Making relevant information requests.
matt42 said 3 years, 1 month ago:
In forums, it is great to see information that might be useful multiple users. Sometimes, the initial postings make it difficult to provide answers or find similar posts that will help you solve your issue. This is usually due to a lack of information regarding the situation. “My site is down.” is not an effective method for requesting help.
Without context, no member of the forum will be able to offer any (useful) solutions for a given issue. This applies whether the responder is a Go Daddy employee or another user. Supplying as much information as possible up front will allow the other members of the forum to assist with much reduced ‘back-and-forth’.
For example, if you are having an issue with your hosted web site, try to provide the following:
1. Type of hosting.
a. Web Hosting
b. Grid Hosting
c. Virtual Dedicated Server
d. Dedicated Server
2. Hosting OS
a. Linux
b. Windows
3. Afflicted domain name.
4. Description of the issue.
a. Any and All error messages received.
b. Include time ranges with time zone if possible.
Also, the title of your post may determine if someone even opens it to read it. Simply saying “my site is down” as the post title may not encourage others to investigate. However, if you include the error message in the post title, someone scanning the posts may see the error and know exactly how to fix it.

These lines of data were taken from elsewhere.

(* Let $w$ be a factor of slope $\alpha$ and let $m$ be an abelian period of $w$ with $m\notin\mathcal{Q}_\alpha\cup\mathcal{M}_\alpha$. If $a_1\ge4$ and $(a_2-1)q_1+2<m<a_2q_1$, then $m$ is not the minimum abelian period of $w$.
   Context: $\alpha\in(0,1)$ irrational, $\alpha=[0;a_1,a_2,\ldots]$ with positive integers $a_i$, $a_1\ge2$; $q_{-1}=0$, $q_0=1$, $q_1=a_1$, $q_k=a_kq_{k-1}+q_{k-2}$ ($k\ge2$); for $k\ge2$, $1\le\ell<a_k$, $q_{k,\ell}=\ell q_{k-1}+q_{k-2}$. $\mathcal{Q}_\alpha=\{q_k:k\ge0\}\cup\{q_{k,\ell}: k\ge2,\ 1\le\ell<a_k\}$ and $\mathcal{M}_\alpha=\{tq_k: k\ge0,\ 1\le t\le a_{k+1}\}$. Sturmian words: on $\mathbb{T}=[0,1)$ with $R(\rho)=\{\rho+\alpha\}$ and either $I_0=[0,1-\alpha)$, $I_1=[1-\alpha,1)$ or $I_0=(0,1-\alpha]$, $I_1=(1-\alpha,1]$, $\mathbf{s}_{\rho,\alpha}$ has $n$-th letter $0$ iff $R^n(\rho)\in I_0$; all share the set $\mathcal{L}_\alpha$ of finite factors (factors of slope $\alpha$). Parikh vector of a binary word $u$: $(|u|_0,|u|_1)$; $P$ is contained in $Q$ if $P\le Q$ componentwise and $P\neq Q$. An abelian decomposition of $w$ is $w=u_0u_1\cdots u_{n-1}u_n$, $n\ge2$, with $u_1,\ldots,u_{n-1}$ of common Parikh vector $P$ and the Parikh vectors of $u_0,u_n$ contained in $P$; the common length of $u_1,\dots,u_{n-1}$ is an abelian period; the minimum abelian period is the least one. *)

From Stdlib Require Import Reals.
From mathcomp Require Import ssreflect ssrfun ssrbool eqtype ssrnat seq.

Set Implicit Arguments.
Unset Strict Implicit.
Unset Printing Implicit Defensive.

(* Partial quotients are given by a : nat -> nat, with a i = a_i for i >= 1
   (a 0 is unused; alpha = [0; a_1, a_2, ...]). *)

(* pq a k = (p_k, q_k) together with (p_{k+1}, q_{k+1}). *)
Fixpoint pq2 (a : nat -> nat) (k : nat) : (nat * nat) * (nat * nat) :=
  match k with
  | 0 => ((0, 1), (1, a 1))
  | k'.+1 =>
      let: (x, y) := pq2 a k' in
      (y, (a k'.+2 * y.1 + x.1, a k'.+2 * y.2 + x.2)%N)
  end.

Definition cf_p (a : nat -> nat) (k : nat) : nat := (pq2 a k).1.1.
Definition cf_q (a : nat -> nat) (k : nat) : nat := (pq2 a k).1.2.

Definition cf_expansion (a : nat -> nat) (alpha : R) : Prop :=
  (forall i, (1 <= i)%N -> (0 < a i)%N) /\
  Un_cv (fun k => (INR (cf_p a k) / INR (cf_q a k))%R) alpha.

Definition irrational (x : R) : Prop :=
  ~ (exists (u v : Z), v <> 0%Z /\ x = (IZR u / IZR v)%R).

Definition in_Q (a : nat -> nat) (m : nat) : Prop :=
  (exists k, m = cf_q a k) \/
  (exists k l, (2 <= k)%N /\ (1 <= l)%N /\ (l < a k)%N /\
               m = (l * cf_q a k.-1 + cf_q a k.-2)%N).

Definition in_M (a : nat -> nat) (m : nat) : Prop :=
  exists k t, (1 <= t)%N /\ (t <= a k.+1)%N /\ m = (t * cf_q a k)%N.

(* Words over {0,1}: letter 0 is false, letter 1 is true. *)
Definition word := seq bool.

Definition frac (x : R) : R := (x - IZR (Int_part x))%R.

(* Letter n of s_{rho,alpha} with I_0 = [0,1-alpha), I_1 = [1-alpha,1). *)
Definition sturm_letter_lo (alpha rho : R) (n : nat) : bool :=
  if Rlt_dec (frac (rho + INR n * alpha)) (1 - alpha) then false else true.

(* Letter n of s_{rho,alpha} with I_0 = (0,1-alpha], I_1 = (1-alpha,1],
   the point 0 of T = [0,1) being identified with 1. *)
Definition sturm_letter_up (alpha rho : R) (n : nat) : bool :=
  let x := frac (rho + INR n * alpha) in
  if Rlt_dec 0 x then (if Rle_dec x (1 - alpha) then false else true)
  else true.

Definition factor_of_slope (alpha : R) (w : word) : Prop :=
  exists (rho : R) (i : nat),
    (0 <= rho < 1)%R /\
    (w = mkseq (fun j => sturm_letter_lo alpha rho (i + j)) (size w) \/
     w = mkseq (fun j => sturm_letter_up alpha rho (i + j)) (size w)).

Definition parikh (u : word) : nat * nat := (count_mem false u, count_mem true u).

Definition pv_contained (P Q : nat * nat) : Prop :=
  (P.1 <= Q.1)%N /\ (P.2 <= Q.2)%N /\ P <> Q.

Definition abelian_period (w : word) (m : nat) : Prop :=
  exists (u0 un : word) (us : seq word) (P : nat * nat),
    w = u0 ++ flatten us ++ un /\ us <> [::] /\
    (forall u, u \in us -> parikh u = P /\ size u = m) /\
    pv_contained (parikh u0) P /\ pv_contained (parikh un) P.

Definition min_abelian_period (w : word) (m : nat) : Prop :=
  abelian_period w m /\ (forall m', abelian_period w m' -> (m <= m')%N).

From Stdlib Require Import Reals Lra Lia ZArith.
From mathcomp Require Import ssreflect ssrfun ssrbool eqtype ssrnat seq path div zify.

(* Write q = q_1 = a_1.  A factor w of slope alpha is read off a sequence F with
   F n = floor (rho + n alpha) or ceil (rho + n alpha): the window [s, s + l) of w
   contains F (s + l) - F s ones.  As q alpha < 1, a window of length q holds at most
   one 1, and the windows of length q without any 1 ("zero windows") start at pairwise
   distance at least q_2 = a_1 a_2 + 1, by the best approximation property of q_1.
   Cut w along the abelian period m into k blocks with K ones each.  If K >= a_2, the
   zero windows inside the blocks force k = 1, so w is too short for four zero windows;
   if K < a_2, the density of ones bounds k by q - 3, and w, shorter than (k + 2) m, is
   too short for k + 3 zero windows.  Either way there are fewer than q zero windows,
   so some residue class mod q contains none of their starting points; cutting w into
   q-blocks along it makes q < m an abelian period, with Parikh vector (q - 1, 1). *)

Lemma cf_p_rec a k : cf_p a k.+2 = a k.+2 * cf_p a k.+1 + cf_p a k.
Proof. by rewrite /cf_p /=; case: (pq2 a k) => [[? ?] [? ?]]. Qed.

Lemma cf_q_rec a k : cf_q a k.+2 = a k.+2 * cf_q a k.+1 + cf_q a k.
Proof. by rewrite /cf_q /=; case: (pq2 a k) => [[? ?] [? ?]]. Qed.

Lemma cf_q_gt0 a : (forall i, 1 <= i -> 0 < a i) -> forall k, 0 < cf_q a k.
Proof.
move=> a_gt0; suff: forall k, 0 < cf_q a k /\ 0 < cf_q a k.+1 by move=> h k; case: (h k).
elim=> [|k [_ IH]]; first by split=> //; apply: a_gt0.
by split=> //; rewrite cf_q_rec; have := a_gt0 k.+2 isT; lia.
Qed.

Section Convergents.
Local Open Scope R_scope.

Lemma Rdiv_between (L U n d : R) : 0 < d -> (L <= n / d <= U <-> L * d <= n <= U * d).
Proof.
move=> d_gt0; have -> : n = n / d * d by field; lra.
set x := n / d * d / d; have -> : x = n / d by rewrite /x; field; lra.
split=> -[? ?]; split; try (apply: Rmult_le_compat_r; lra); exact: Rmult_le_reg_r d_gt0 _.
Qed.

Lemma mediant_between (c p q p' q' L U : R) : 0 <= c -> 0 < q -> 0 < q' ->
  L <= p / q <= U -> L <= p' / q' <= U ->
  L <= (c * p' + p) / (c * q' + q) <= U.
Proof.
move=> c_ge0 q_gt0 q'_gt0; rewrite !Rdiv_between //; first nra.
by rewrite Rplus_comm; apply: Rplus_lt_le_0_compat; last apply: Rmult_le_pos; lra.
Qed.

Variables (a : nat -> nat) (alpha : R).
Hypothesis a_gt0 : forall i, (1 <= i)%N -> (0 < a i)%N.

Definition convergent k := INR (cf_p a k) / INR (cf_q a k).

Lemma convergent_between k : (1 <= k)%N -> convergent 2 <= convergent k <= convergent 1.
Proof.
have q_gt0 k' : 0 < INR (cf_q a k') by apply/lt_0_INR/ltP/cf_q_gt0.
have convergentSS k' : convergent k'.+2 =
    (INR (a k'.+2) * INR (cf_p a k'.+1) + INR (cf_p a k')) /
    (INR (a k'.+2) * INR (cf_q a k'.+1) + INR (cf_q a k')).
  by rewrite /convergent cf_p_rec cf_q_rec !plus_INR !mult_INR.
have convergent21 : convergent 2 <= convergent 1.
  have a1_ge1 : 1 <= INR (a 1) by apply: (le_INR 1); apply/leP/a_gt0.
  have a2_ge0 : 0 <= INR (a 2) by apply: pos_INR.
  have q2_gt0 : 0 < INR (a 1) * (INR (a 2) * INR (a 1) + 1) by nra.
  rewrite convergentSS /convergent.
  change (cf_p a 1) with 1%N; change (cf_q a 1) with (a 1).
  change (cf_p a 0) with 0%N; change (cf_q a 0) with 1%N.
  have -> : (INR (a 2) * INR 1 + INR 0) / (INR (a 2) * INR (a 1) + INR 1) =
            INR 1 / INR (a 1) - / (INR (a 1) * (INR (a 2) * INR (a 1) + 1)).
    by rewrite /=; field; split; nra.
  by have := Rinv_0_lt_compat _ q2_gt0; lra.
suff: (1 <= k)%N -> convergent 2 <= convergent k <= convergent 1 /\
      convergent 2 <= convergent k.+1 <= convergent 1 by move=> h /h [].
elim: k => [|[|k] IH] // _; first lra.
have [IHk IHk1] := IH isT; split=> //.
rewrite [convergent k.+3]convergentSS.
exact: mediant_between (pos_INR _) (q_gt0 _) (q_gt0 _) IHk IHk1.
Qed.

Lemma Un_cv_const (c : R) : Un_cv (fun=> c) c.
Proof. by move=> eps eps_gt0; exists 0%N => n _; rewrite R_dist_eq. Qed.

Lemma convergent_irrational_between : irrational alpha -> Un_cv convergent alpha ->
  convergent 2 < alpha < convergent 1.
Proof.
move=> alpha_irr cv_alpha.
have cv_alpha1 := CV_shift' _ 1 _ cv_alpha.
have lower : convergent 2 <= alpha.
  apply: (Rle_cv_lim _ (Un_cv_const _) cv_alpha1) => n.
  by have [] := convergent_between n.+1 isT; rewrite Nat.add_1_r.
have upper : alpha <= convergent 1.
  apply: (Rle_cv_lim _ cv_alpha1 (Un_cv_const _)) => n.
  by have [] := convergent_between n.+1 isT; rewrite Nat.add_1_r.
have neq k : alpha <> convergent k.
  move=> alpha_eq; apply: alpha_irr.
  exists (Z.of_nat (cf_p a k)), (Z.of_nat (cf_q a k)); split.
  - by have := @cf_q_gt0 a a_gt0 k; lia.
  - by rewrite alpha_eq /convergent -!INR_IZR_INZ.
by have := neq 1%N; have := neq 2%N; lra.
Qed.

Lemma first_quotients_alpha_bounds : irrational alpha -> Un_cv convergent alpha ->
  INR (a 1) * alpha < 1 /\ INR (a 2) < alpha * INR (a 1 * a 2 + 1).
Proof.
move=> alpha_irr cv_alpha.
have [] := convergent_irrational_between alpha_irr cv_alpha.
have a1_gt0 : 0 < INR (a 1) by apply/lt_0_INR/ltP/a_gt0.
have q2_gt0 : 0 < INR (a 1 * a 2 + 1) by apply/lt_0_INR/ltP; lia.
rewrite /convergent cf_p_rec cf_q_rec.
change (cf_p a 1) with 1%N; change (cf_q a 1) with (a 1).
change (cf_p a 0) with 0%N; change (cf_q a 0) with 1%N.
rewrite muln1 addn0 mulnC /= => lower upper; split.
- by move: upper => /(Rmult_lt_compat_l _ _ _ a1_gt0); rewrite /Rdiv Rmult_1_l Rinv_r; lra.
- by move: lower => /(Rmult_lt_compat_r _ _ _ q2_gt0); rewrite /Rdiv Rmult_assoc Rinv_l; lra.
Qed.
End Convergents.

Lemma INR_addn m n : INR (m + n) = (INR m + INR n)%R. Proof. exact: plus_INR. Qed.
Lemma INR_muln m n : INR (m * n) = (INR m * INR n)%R. Proof. exact: mult_INR. Qed.

Section Spacing.
Local Open Scope R_scope.

Lemma far_from_integers (x delta : R) (c n : Z) :
  delta <= x - IZR c <= 1 - delta -> delta <= Rabs (x - IZR n).
Proof.
move=> x_c; have := Rle_abs (x - IZR n); have := Rle_abs (- (x - IZR n)).
rewrite Rabs_Ropp; case: (Z.le_gt_cases n c) => [/IZR_le | n_gt_c]; first lra.
have : IZR c + 1 <= IZR n by rewrite -plus_IZR; apply: IZR_le; lia.
lra.
Qed.
Lemma apow_cpow_apow i k z (x := natmod z (m * t)) :
  G (apow (Posz i) ++ cpow m (Posz k) ++ apow z)
    (apow (Posz ((i + x) %% m)) ++ cpow m (Posz ((k + (i + x) %/ m) %% t))).
Proof.
have carry a : (a %% m + m * ((k + a %/ m) %% t)) %% (m * t) = (a + m * k) %% (m * t).
  rewrite muln_modr modnDmr; congr (_ %% _).
  by have := divn_eq a m; move: (a %/ m) (a %% m) => q r ->; nia.
have xE := natmodE z mt_gt0; rewrite -/x in xE; move: x xE => x xE.
rewrite /cpow; apply: Geq_trans (Geq_catl _ (apowD _ _ _ _ _)) _.
apply: Geq_trans (apowD _ _ _ _ _) _.
apply: Geq_trans _ (Geq_sym (apowD _ _ _ _ _)).
apply: apow_modz; rewrite -PoszM -PoszD modz_nat carry -modz_nat.
by rewrite PoszD PoszM addrA PoszD xE [in RHS]addrAC modzDmr.
Qed.

Lemma nf_word_push k j0 l r :
  G (nf_word (k, j0, if r == 0 then l else (r, 0) :: l))
    (bpow (Posz j0) ++ syllables_word l ++ apow (Posz r) ++ cpow m (Posz k)).
Proof. by case: r => [|r] /=; rewrite ?syllables_word_cons -?catA; apply: Geq_refl. Qed.

Lemma nf_word_apow s z : nf_valid s -> G (nf_word s ++ apow z) (nf_word (nf_act (apow z) s)).
Proof.
move=> v; rewrite nf_act_apow //; set x := natmod z (m * t).
case: s v => [[k j0] l] v.
have push i l' :
  G (bpow (Posz j0) ++ syllables_word l' ++ apow (Posz i) ++ cpow m (Posz k) ++ apow z)
    (nf_word ((k + (i + x) %/ m) %% t, j0,
              if (i + x) %% m == 0 then l' else ((i + x) %% m, 0) :: l')).
  apply: Geq_trans _ (Geq_sym (nf_word_push _ _ _ _)).
  by do 2 apply: Geq_catl; apply: apow_cpow_apow.
case: l v => [|[i [|j]] l] v.
- by have := push 0 [::]; rewrite add0n /= -!catA.
- by have := push i l; rewrite /= syllables_word_cons -!catA.
- by have := push 0 ((i, j.+1) :: l); rewrite add0n /= -!catA.
Qed.

Lemma bpow_cpow_dpow j0 k w :
  G (bpow (Posz j0) ++ cpow m k ++ dpow n w)
    (bpow (Posz ((j0 + natmod (Posz n * w) (n * t)) %% (n * t))) ++ cpow m k).
Proof.
apply: Geq_trans (Geq_catl _ (cpow_dpow_wcomm _ _ _ _ _)) _.
rewrite catA; apply: Geq_catr; apply: Geq_trans (bpowD _ _ _ _ _) _.
apply: bpow_modz.
by rewrite modz_nat modn_mod -modz_nat PoszD natmodE // modzDmr.
Qed.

Another thing to be conscious of is the size of our hosting environment. Two issues which have similar symptoms are not necessarily the same issue. As such, replying to a thread with a ‘me too’ is not often productive in getting an issue addressed.
Please keep in mind that Go Daddy employees are not authorized to access customer account details when investigating forum posts. If the issue you are experiencing cannot be resolved by looking at your site on the public internet, employees on the forum will refer you to our support professionals. Our support personnel can access your account and escalate the issue further if needed.
I hope that the above information can help make the community here more useful to all involved members. Thanks!
Deleted User said 3 years, 1 month ago:
Good content. I agree, the more information the better. Many times, it takes 3x longer to provide an answer since the first response is usually trying to clarify the issue by getting more info.
Zephyr said 2 years, 9 months ago:
The advice given is all very well and good, but I think it is unnecessarily burdensome to require all of that information when ongoing and nearly identical QUALITY OF SERVICE (QOS) issues exist in which shared hosting web servers are either responding after long delays or are not responding at all!!
When I get packet loss and “Request Timed Out” results when pinging my own domain name or the IP address where my Linux shared hosting resides, all of it at GoDaddy’s secureserver.net, and I find no similar problems at my various non-GoDaddy sites or at any other location anywhere on the internet, and this pattern remains consistent when using different ISPs for my connection to the internet, then the cause is clearly overloaded GoDaddy web servers. GoDaddy is failing to meet its QOS obligation to its customers. The additional fact that many GoDaddy email (SMTP) servers are listed in various RBLs (Realtime Block Lists) is testimony that GoDaddy is tolerating the origination of spam from its network in exactly the same laissez-faire way that GoDaddy also allows customers that are bandwidth hogs to dominate the shared servers. Little guys that don’t spew gigabytes of high bandwidth content end up being the victims when their own websites load very slowly or not at all. This kind of issue does not require a great deal of burdensome input from the customer.
ShelLuser said 2 years, 9 months ago:
Great post Matt.
Yeah, many people explain their problems from their point of view so to speak. So easily ignore or forget important details since its so familiar to them that the (usually even unknowingly) assume its common knowledge.